Thierry Dusautoir made an insane number of tackles just as he did four years ago in Cardiff. Julien Bonnaire wasn't far behind and Lionel Nallet will be peeling himself out of bed this morning - sore and bruised - but unquestionably heroic.

The surprise wasn't so much that France dug deep and found something extraordinary - it was just how easily they put England away.

The English might be disastrously lacking in vision and enterprise but they are a side with inordinate volumes of flesh and muscle.

It takes a huge effort to knock them down and push them back. Even more to actually open them up and find holes in their defence. The French managed to do both spectacularly well - they didn't buckle, they didn't even bend and they never lost their nerve.

They even showed remarkable composure - not a known French trait - to set up for the drop goal to push themselves 19-7 ahead with seven minutes remaining.

That was the cushion they needed to start feeling they were safe. To have continued to keep the door open would have been madness. They had England just about cooked but the fork had to be jabbed in and the call made that they were done.

To have failed to have finished what they started would have been scandalous to the performance of Imanol Harinordoquy.

The No8 was the everywhere man; the crunch in the tight and a surprisingly agile beast in the loose. Once dubbed 'Harry Ordinary' by the English he was anything but.

He gave the French the momentum to play on the front foot and bring into play the axis of genius which was Dimitri Yachvili, Morgan Parra and Maxime Mermoz. Those three gave the French the cut of old.

There was artistry to their craft. Yachvili used that booming left peg of his to hoist high and deep and make sure the game was never played in French territory. He threw fast and accurate ball to Parra - the sort that invited the No10 to run on to possession and already have the English defence shuffling back in a bit of a panic.

Where they were deadly was in their use of the wrap around - one of them would be the pivot fixing the English defence another would scurry round and arc into the space leaving France attacking an English defence that was far from impregnable out wide.

Take England on up the middle as Argentina and Scotland both tried and it can be an exercise in futility. Fix them and stretch them; force them to make one-on-one big tackles in the far channels as the French did and the rewards are rich.

Vincent Clerc blasted through a hole created by a wrap around for the first try and it was a similar move that opened up England again for France's second.

England's defensive frailties out wide became obvious during those two tries. Ben Foden and Chris Ashton lacked power in the tackle - neither man having the strength to make the killer blows required.

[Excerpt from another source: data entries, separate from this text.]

(* Conditioning on the coin of the root and on the k independent subtrees
   hanging from its children gives Pr(x_{v0}^(t+1) = R) = hatF(Pr(x_{v0}^(t) = R)),
   so the probabilities form the orbit of q under the increasing continuous map
   hatF, which converges monotonically to the first fixed point met in the
   direction of the sign of hatF(x) - x.  That sign is negative on (0, phi^-)
   because hatF(x) = O(x^2), negative on (phi^+, 1] because hatF(1) <= 1, and
   positive on (phi^-, phi^+) because a positive fixed point y of F_{p'} with
   p < p' < p* gives hatF((1 - p') y) > (1 - p') y.  For p > p* it is negative on
   all of (0, 1]: a fixed point x of hatF makes Pr[Bin(k, x) >= (k+1)/2] a fixed
   point of F_p. *)

From HB Require Import structures.
From mathcomp Require Import all_boot all_order all_algebra.
From mathcomp Require Import all_classical all_reals all_analysis.
From mathcomp Require Import ring lra.
Import Order.TTheory GRing.Theory Num.Theory.
Import numFieldNormedType.Exports.
Local Open Scope ring_scope.

Section Words.
Variable k : nat.

Lemma mem_words t w : (w \in words k t) = (size w <= t)%N.
Proof.
elim: t w => [|t IH] [|i w] //=; rewrite ?inE //= ltnS -IH.
apply/allpairsP/idP => [[[j u] /= [_ u_in [_ ->]]] //|w_in].
by exists (i, w); rewrite mem_enum.
Qed.
Lemma labelOf_node x s : x \in occs ls -> s \in labelOf ls x -> s \in T_lbl ls (node_for ls x).
Proof.
case/occP => [l r _|L Ls _ xL] //= sx.
by rewrite (producer_of Ls (key_concl L)); apply/flatten_mapP; exists x.
Qed.

Lemma labelOf_rgt l r c x : ParL l r c \in ls -> rgt c \in labelOf ls x -> x = r.
Proof.
move=> Ls; rewrite /labelOf; case E: (consumer ls x) => [[a b|l' r' c'|l' r' c']|] //.
have [L's xL'] := consumerP E.
case: ifP => // xl; rewrite inE => /eqP [ec]; subst c'.
move: (uniq_flatten_map_eq occs_uniq L's Ls (mem_head c [::]) (mem_head c [::])) => -[el er].
by move: xL' xl; rewrite el er !inE => /orP [/eqP ->|/eqP //]; rewrite eqxx.
Qed.

Lemma T_rgt_holder l r c n : ParL l r c \in ls -> n \in T_LN ls ->
  rgt c \in T_lbl ls n -> n = node_for ls r.
Proof.
move=> Ls /LNP [L L's nP|l' r' c' L's _] /=.
  rewrite (producer_of L's (key_concl L)) => /flatten_mapP [x xL /(labelOf_rgt Ls) xr].
  by rewrite -xr /node_for (producer_of L's xL); case: L L's nP xL.
by move/(labelOf_rgt Ls) <-; rewrite /node_for (producer_of L's) ?mem_head.
Qed.

Definition T_deNM : deNM :=
  mkT (T_LN ls) (T_lbl ls) (T_PN ls) (T_up ls) (T_down ls) (T_ladj ls).

Lemma T_LN_uniq : uniq (T_LN ls).
Proof.
rewrite cat_uniq (map_comp inl key) (map_comp inr key).
rewrite !(map_inj_uniq inl_inj) !(map_inj_uniq inr_inj) !uniq_keys andbT /=.
by apply/hasPn => n /mapP [? _ ->]; apply/mapP => -[].
Qed.

Lemma T_S_fullE s : s \in S_full ls <-> exists2 n, n \in T_LN ls & s \in T_lbl ls n.
Proof.
split=> [|[n _ /T_lbl_S_full //]].
rewrite mem_cat => /orP [] /mapP [L]; rewrite mem_filter => /andP [];
  case: L => // l r c _ Ls ->.
- have lP : is_par_prem ls l by apply: is_par_prem_par Ls (mem_head _ _).
  have lo : l \in occs ls by apply: prems_occs Ls _ (mem_head _ _).
  exists (node_for ls l); first exact: node_for_LN.
  by apply: labelOf_node lo _; rewrite (labelOf_left Ls) mem_head.
- have rin : r \in [:: l; r] by rewrite !inE eqxx orbT.
  have rP : is_par_prem ls r by apply: is_par_prem_par Ls rin.
  have ro : r \in occs ls by apply: prems_occs Ls _ rin.
  exists (node_for ls r); first exact: node_for_LN.
  by apply: labelOf_node ro _; rewrite (labelOf_right Ls) mem_head.
Qed.
Lemma dr_chance_le N (p q : 'I_N -> R) mu Smx phibar zeta :
  (forall n, 0 <= q n <= p n) ->
  dr_chance p mu Smx phibar zeta -> dr_chance q mu Smx phibar zeta.
Proof.
move=> qp chance_p d T P Z mZ mean_Z cov_Z.
apply: le_trans (chance_p d T P Z mZ mean_Z cov_Z).
have mS (s : 'I_N -> R) :
    measurable [set t | phibar <= \sum_(n < N) sqmod (Z n t) * s n].
  have mf : measurable_fun setT (fun t => \sum_(n < N) sqmod (Z n t) * s n).
    apply: measurable_sum => n; apply: measurable_funM => //.
    by have [mRe mIm] := mZ n; apply: measurable_funD; apply: measurable_funX.
  by rewrite -preimage_itvcy -[X in measurable X]setTI; apply: mf.
apply: le_measure; rewrite ?inE // => t /= /le_trans; apply.
apply: ler_sum => n _; apply: ler_wpM2l; first exact: sqmod_ge0.
by case/andP: (qp n).
Qed.

(* The nonnegative root of [u t^2 + t = c], rationalised so that [u = 0] is allowed. *)
Definition pos_root (u c : R) : R := 2 * c / (1 + Num.sqrt (1 + 4 * u * c)).

Lemma pos_rootP (u c : R) : 0 <= u -> 0 <= c -> c <= u + 1 ->
  0 <= pos_root u c <= 1 /\ pos_root u c * (pos_root u c * u + 1) = c.
Proof.
move=> u0 c0 cu; rewrite /pos_root; set S := Num.sqrt _; set t := _ / _.
have S0 : 0 <= S by apply: sqrtr_ge0.
have S2 : S ^+ 2 = 1 + 4 * u * c by rewrite sqr_sqrtr //; nra.
have tS : t * (1 + S) = 2 * c by rewrite /t divfK // lt0r_neq0 //; lra.
have t0 : 0 <= t by rewrite /t divr_ge0 //; lra.
have t1 : t <= 1.
  rewrite /t ler_pdivrMr ?mul1r; last lra.
  rewrite leNgt; apply/negP => cS.
  have : S ^+ 2 < (2 * c - 1) ^+ 2 by rewrite -subr_gt0 subr_sqr mulr_gt0 //; lra.
  by rewrite S2; nra.
split; first by rewrite t0 t1.
apply: (@mulfI _ ((1 + S) ^+ 2)); first by rewrite expf_neq0 // lt0r_neq0 //; lra.
transitivity (u * (t * (1 + S)) ^+ 2 + (1 + S) * (t * (1 + S))); first by ring.
rewrite tS [RHS](_ : _ = c * (1 + 2 * S) + c * S ^+ 2); last by ring.
by rewrite S2; ring.
Qed.

Lemma sqrt_coupling (k th p u t : R) :
  0 <= k -> 0 < th -> 0 <= p -> 0 <= u -> 0 <= t ->
  t * (t * u + 1) = k ^+ 2 / th ^+ 2 * (u + 1) ->
  k * Num.sqrt (p / (t * u + 1)) = Num.sqrt t * (th * Num.sqrt (p / (u + 1))).
Proof.
move=> k0 th0 p0 u0 t0 tE.
have mul_sqrt (a b : R) : 0 <= a -> a * Num.sqrt b = Num.sqrt (a ^+ 2 * b).
  by move=> a0; rewrite sqrtrM ?sqr_ge0 // sqrtr_sqr ger0_norm.
rewrite (mul_sqrt k) // (mul_sqrt th) ?ltW // -sqrtrM //; congr Num.sqrt.
have u1 : u + 1 != 0 by rewrite lt0r_neq0 // ltr_wpDl.
have tu1 : t * u + 1 != 0 by rewrite lt0r_neq0 // ltr_wpDl // mulr_ge0.
have -> : k ^+ 2 = t * (t * u + 1) * th ^+ 2 / (u + 1).
  by rewrite tE; field; rewrite u1 lt0r_neq0.
by field; rewrite u1 tu1.
Qed.

Section Feasibility.
Variables (K N M : nat) (po eta zeta X Y lam : R).
Variables (f : 'I_N -> 'cV[C]_K) (g : 'I_N -> C).
Variables (mu : 'I_M -> 'I_N -> C) (Smx : 'I_M -> 'M[C]_N) (phibar : 'I_M -> R).
Local Notation feasible := (feasibleS po eta zeta X Y lam f g mu Smx phibar).

Lemma feasibleS_opp th : feasible th -> feasible (- th).
Proof.
move=> [rho [p [w [[chance [harvest [rho01 [p0 tr]]]] [rateY [rateX xgy]]]]]].
exists rho, p, (- w); split.
  split=> //; split=> [n|]; first by rewrite quadfN.
  by rewrite WpN.
split; first by under eq_bigr do rewrite ysigN sqmodN.
split; first by under eq_bigr do rewrite xsigN.
by move=> n; rewrite xsigN ysigN mulNr toCN mulNr xgy.
Qed.

Hypotheses (po_ge0 : 0 <= po) (eta_ge0 : 0 <= eta).
Hypotheses (X_gt0 : 0 < X) (Y_ge0 : 0 <= Y).
Local Notation k := (Num.sqrt (Y / X)).

Lemma sqr_sqrt_YX : k ^+ 2 = Y / X.
Proof. by rewrite sqr_sqrtr // divr_ge0 // ltW. Qed.

Lemma YX_mul_lamX : Y / X * (lam * X) = lam * Y.
Proof. by field; rewrite gt_eqF. Qed.

Lemma feasibleS_increase_theta th : 0 < th <= k -> feasible th -> feasible k.
Proof.
move=> /andP[th0 thk] [rho [p [w [[chance [harvest [rho01 [p0 tr]]]] [rateY [rateX xgy]]]]]].
have k0 : 0 < k := lt_le_trans th0 thk.
set a := th / k; set q := fun n => a ^+ 2 * p n.
have a0 : 0 <= a by rewrite divr_ge0 // ltW.
have qp n : 0 <= q n <= p n.
  by rewrite mulr_ge0 ?sqr_ge0 //= ler_piMl // expr_le1 // ler_pdivrMr // mul1r.
have xgy' n : toC (k * xsig po f rho q w n) * g n = ysig po f rho w n.
  by rewrite xsig_scale_power // mulrA mulrCA divff ?mulr1 ?gt_eqF.
exists rho, q, w; split.
  split; first by move=> m; exact: dr_chance_le (chance m).
  split; first by move=> n; apply: le_trans (harvest n); case/andP: (qp n).
  by do !split => //; move=> n; case/andP: (qp n).
do !split => //.
have YX : 0 < Y / X by rewrite -sqrtr_gt0.
rewrite -(ler_pM2l YX) YX_mul_lamX -sqr_sqrt_YX -(sum_sqmod_coupled xgy').
exact: rateY.
Qed.

Lemma feasibleS_decrease_theta th : 0 < th -> k <= th -> feasible th -> feasible k.
Proof.
move=> th0 kth [rho [p [w [[chance [harvest [rho01 [p0 tr]]]] [rateY [rateX xgy]]]]]].
set r := k ^+ 2 / th ^+ 2.
have r0 : 0 <= r by rewrite divr_ge0 ?sqr_ge0.
have r1 : r <= 1.
  by rewrite /r ler_pdivrMr ?exprn_gt0 // mul1r ler_sqr ?nnegrE ?sqrtr_ge0 ?(ltW th0).
set u := fun n => (1 - rho n) * po * quadf (f n) w.
have u0 n : 0 <= u n.
  by case/andP: (rho01 n) => _ ?; rewrite !mulr_ge0 ?quadf_ge0 ?subr_ge0.
set t := fun n => pos_root (u n) (r * (u n + 1)).
have tP n : 0 <= t n <= 1 /\ t n * (t n * u n + 1) = r * (u n + 1).
  have u1 : 0 <= u n + 1 by rewrite addr_ge0 ?u0.
  by apply: pos_rootP; [exact: u0 | exact: mulr_ge0 | exact: ler_piMl].
set rho' := fun n => 1 - t n * (1 - rho n).
have rho'P n : rho n <= rho' n <= 1.
  have [/andP[t0 t1] _] := tP n; have /andP[rho0 rho1] := rho01 n.
  by rewrite /rho' gerBl mulr_ge0 ?subr_ge0 // andbT; nra.
have xgy' n : toC (k * xsig po f rho' p w n) * g n = ysig po f rho' w n.
  have [/andP[t0 _] tE] := tP n.
  rewrite xsig_scale_fraction ysig_scale_fraction // -/(u n).
  by rewrite (sqrt_coupling (sqrtr_ge0 _) th0 (p0 n) (u0 n) t0 tE) -toCM -mulrA xgy.
have x_le n : xsig po f rho p w n ^+ 2 <= xsig po f rho' p w n ^+ 2.
  have [/andP[t0 t1] _] := tP n.
  have u1 : 0 < u n + 1 by rewrite ltr_wpDl.
  have tu1 : 0 < t n * u n + 1 by rewrite ltr_wpDl // mulr_ge0.
  rewrite xsig_scale_fraction -/(u n) /xsig -/(u n).
  rewrite !sqr_sqrtr ?divr_ge0 ?(ltW u1) ?(ltW tu1) // ler_wpM2l // lef_pV2 ?posrE //.
  by rewrite lerD2r ler_piMl.
have rateX' : lam * X <= \sum_(n < N) xsig po f rho' p w n ^+ 2 * sqmod (g n).
  by apply: (le_trans rateX); apply: ler_sum => n _; rewrite ler_wpM2r ?sqmod_ge0.
exists rho', p, w; split.
  split=> //; split.
    move=> n; apply: (le_trans (harvest n)); rewrite ler_wpM2r ?quadf_ge0 //.
    by rewrite ler_wpM2l ?mulr_ge0 //; case/andP: (rho'P n).
  split=> // n; case/andP: (rho01 n) (rho'P n) => r0' _ /andP[? ->].
  by rewrite andbT (le_trans r0').
do !split => //.
by rewrite (sum_sqmod_coupled xgy') sqr_sqrt_YX -YX_mul_lamX ler_wpM2l // divr_ge0 // ltW.
Qed.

At this level it has to be vicious - hit hard and high, smother the ball and let neither attacker nor ball remain a weapon. England didn't have it where they needed it and now have 24 hours trapped on a plane to ponder whether they want to carry on as is and believe that they should simply bash everything with a club or whether they should consider learning more subtle methods to entrap their prey.

The very fact they are on a plane should provide the answer.